Import required packages

In [2]:
# Define required imports
import pandas as pd
import numpy as np

from sklearn.metrics import precision_score
from sklearn.metrics import confusion_matrix
from sklearn.metrics import recall_score
from sklearn.metrics import accuracy_score
from sklearn.model_selection import cross_val_score
from sklearn.model_selection import cross_val_predict
from sklearn.metrics import f1_score
from sklearn.metrics import roc_curve
from sklearn.metrics import roc_auc_score

from sklearn.linear_model import SGDClassifier
from sklearn.linear_model import LogisticRegression
from sklearn.preprocessing import StandardScaler
from sklearn.tree import DecisionTreeClassifier

from warnings import filterwarnings
filterwarnings('ignore')

1. Prepare the Training Data

We start by reading in the training dataset from fashion-mnist_train.csv.

In [3]:
# Training dataset file name
DATA_PATH = 'fashion-mnist_train.csv'

# Create method to find filepath based on filename
def get_file_handle(fname):
    # Project data path for the raw data file
    data_path = project.get_file(fname)
    data_path.seek(0)
    return data_path

# Usepandas to read the data 
data_path = get_file_handle(DATA_PATH)
data = pd.read_csv(data_path).values

# Preview data (label, followed by pixel data)
data
Out[3]:
array([[2, 0, 0, ..., 0, 0, 0],
       [9, 0, 0, ..., 0, 0, 0],
       [6, 0, 0, ..., 0, 0, 0],
       ...,
       [8, 0, 0, ..., 0, 0, 0],
       [8, 0, 0, ..., 0, 0, 0],
       [7, 0, 0, ..., 0, 0, 0]])

Save the pixel data and labels into two arrays.

In [4]:
# Save the pixel data as "pixel"
pixel = data[:, 1:]

# Save the label data as "label"
label = data[:, 0]

We are going to train three Machine Learning algorithms using this data that could be used to identify fashion and clothing items.

Define helper functions

Define a helper function named calculate_metrics, which calculates the following metrics:

display_metrics and display_scores are used throughout the notebook to display metrics.

In [5]:
def calculate_metrics(label, label_predict):
    """
    Calculate accuracy, precision, recall and f-score
    """
    acc_score = accuracy_score(label, label_predict)
    pre_score = precision_score(label, label_predict, average='weighted')
    rec_score = recall_score(label, label_predict, average='weighted')
    f_score = f1_score(label, label_predict, average='weighted')
    return (acc_score, pre_score, rec_score, f_score)

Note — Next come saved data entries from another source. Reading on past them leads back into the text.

Lemma improvable_step A1 A2 x0 :
  disjoint_bases A1 A2 -> x0 \in A1 -> x0 \notin B1 -> improvable A1 A2.
Proof.
move=> hV x0A1 x0B1; have /and3P[A1B _ _] := hV; have /and3P[B1B _ _] := hVB.
have [/existsP[y /and3P[yB1 yA1 yA2]]|] :=
  boolP [exists y, [&& y \in B1, y \notin A1 & y \notin A2]].
  exact: improvable_unused hV x0A1 x0B1 yB1 yA1 yA2.
rewrite negb_exists => /forallP inA2.
have {}inA2 y : y \in B1 -> y \notin A1 -> y \in A2.
  by move=> yB1 yA1; move: (inA2 y); rewrite yB1 yA1 /= negbK.
have cA1 : #|A1| = #|B1| := basis_card hB A1B B1B.
have [y0 y0B1 y0A1] : exists2 y0, y0 \in B1 & y0 \notin A1.
  apply/subsetPn/negP => /(basis_subset_eq hB B1B A1B) eB1.
  by rewrite eB1 x0A1 in x0B1.
have [/existsP[x1 /and3P[x1A1 x1B1 x10]]|] :=
  boolP [exists x, [&& x \in A1, x \notin B1 & x != x0]].
  have : 1 < #|B1 :\: A1|.
    rewrite [#|B1 :\: A1|]cardsD setIC -cA1 -cardsD; apply/card_gt1P.
    by exists x1, x0; rewrite !inE x1A1 x1B1 x0A1 x0B1 x10.
  rewrite (cardsD1 y0) !inE y0A1 y0B1 /= add1n ltnS => /card_gt0P[y1].
  rewrite !inE => /andP[y10 /andP[y1A1 y1B1]].
  rewrite eq_sym in x10; rewrite eq_sym in y10.
  exact: improvable_two_outside hV x0A1 x1A1 x0B1 x1B1 x10
    (inA2 _ y0B1 y0A1) (inA2 _ y1B1 y1A1) y0B1 y1B1 y10.
rewrite negb_exists => /forallP one.
apply: (improvable_one_outside hV x0A1 x0B1 (inA2 _ y0B1 y0A1)).
apply/eqP; rewrite eqEcard card_setU1D1 // cA1 leqnn andbT.
apply/subsetP => e; rewrite !inE => /orP[/eqP -> //|/andP[ex0 eA1]].
apply: contraNT ex0 => eB1; move: (one e); rewrite eA1 eB1 /=.
by rewrite negbK.
Qed.
Definition even_lin (V : lmodType K) (D : Γ -> V -> Prop) (f : V -> V) :=
  forall a x, D a x -> D a (f x).

Definition color_hom_lie (V : lmodType K) (D : Γ -> V -> Prop)
  (br : V -> V -> V) (al : V -> V) (eps : Γ -> Γ -> K) : Prop :=
  graded D /\ bilin_map br /\ lin_map al /\ even_bilin D br /\ even_lin D al /\
  (forall a b x y, D a x -> D b y -> br x y = - (eps a b *: br y x)) /\
  (forall a b c x y z, D a x -> D b y -> D c z ->
     eps c a *: br (al x) (br y z) + eps a b *: br (al y) (br z x)
       + eps b c *: br (al z) (br x y) = 0).

Definition comm_color_hom_assoc (V : lmodType K) (D : Γ -> V -> Prop)
  (mu : V -> V -> V) (al : V -> V) (eps : Γ -> Γ -> K) : Prop :=
  graded D /\ bilin_map mu /\ lin_map al /\ even_bilin D mu /\ even_lin D al /\
  (forall x y z, mu (al x) (mu y z) = mu (mu x y) (al z)) /\
  (forall a b x y, D a x -> D b y -> mu x y = eps a b *: mu y x).

Definition nondegenerate (V : lmodType K) (B : V -> V -> K) : Prop :=
  forall x, (forall y, B x y = 0) -> x = 0.

Definition eps_symmetric (V : lmodType K) (D : Γ -> V -> Prop)
  (eps : Γ -> Γ -> K) (B : V -> V -> K) : Prop :=
  forall a b x y, D a x -> D b y -> B x y = eps a b * B y x.

Definition assoc_scalar_product (V : lmodType K) (D : Γ -> V -> Prop)
  (mu : V -> V -> V) (al : V -> V) (eps : Γ -> Γ -> K) (B : V -> V -> K) :=
  bilin_form B /\ nondegenerate B /\ eps_symmetric D eps B /\
  (forall x y z, B (mu x y) z = B x (mu y z)) /\
  (forall x y, B (al x) y = B x (al y)).

Definition invariant_scalar_product (V : lmodType K) (D : Γ -> V -> Prop)
  (br : V -> V -> V) (al : V -> V) (eps : Γ -> Γ -> K) (B : V -> V -> K) :=
  bilin_form B /\ nondegenerate B /\ eps_symmetric D eps B /\
  (forall x y z, B (br x y) z = B x (br y z)) /\
  (forall x y, B (al x) y = B x (al y)).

def display_metrics(label, label_predict):
    """
    Calculate and display accuracy, precision, recall and f-score
    """
    scores = calculate_metrics(label, label_predict)
    print("Model Accuracy : {}".format(scores[0]))
    print("Model Precision: {}".format(scores[1]))
    print("Model Recall   : {}".format(scores[2]))
    print("Model F-Score  : {}".format(scores[3]))

    
def display_scores(scores):
    """
    Display scores (e.g. accuracy, precision, etc.) and calculate mean
    and standard deviation
    """
    print("Scores            : {}".format(scores))
    print("Mean              : {}".format(scores.mean()))
    print("Standard deviation: {}".format(scores.std()))
    

2.Train a Decision Tree Classifier

A decision tree is a supervised machine learning technique that can be used to classify data. A decision tree consists of three components: internal nodes, edges/branches and leaf nodes.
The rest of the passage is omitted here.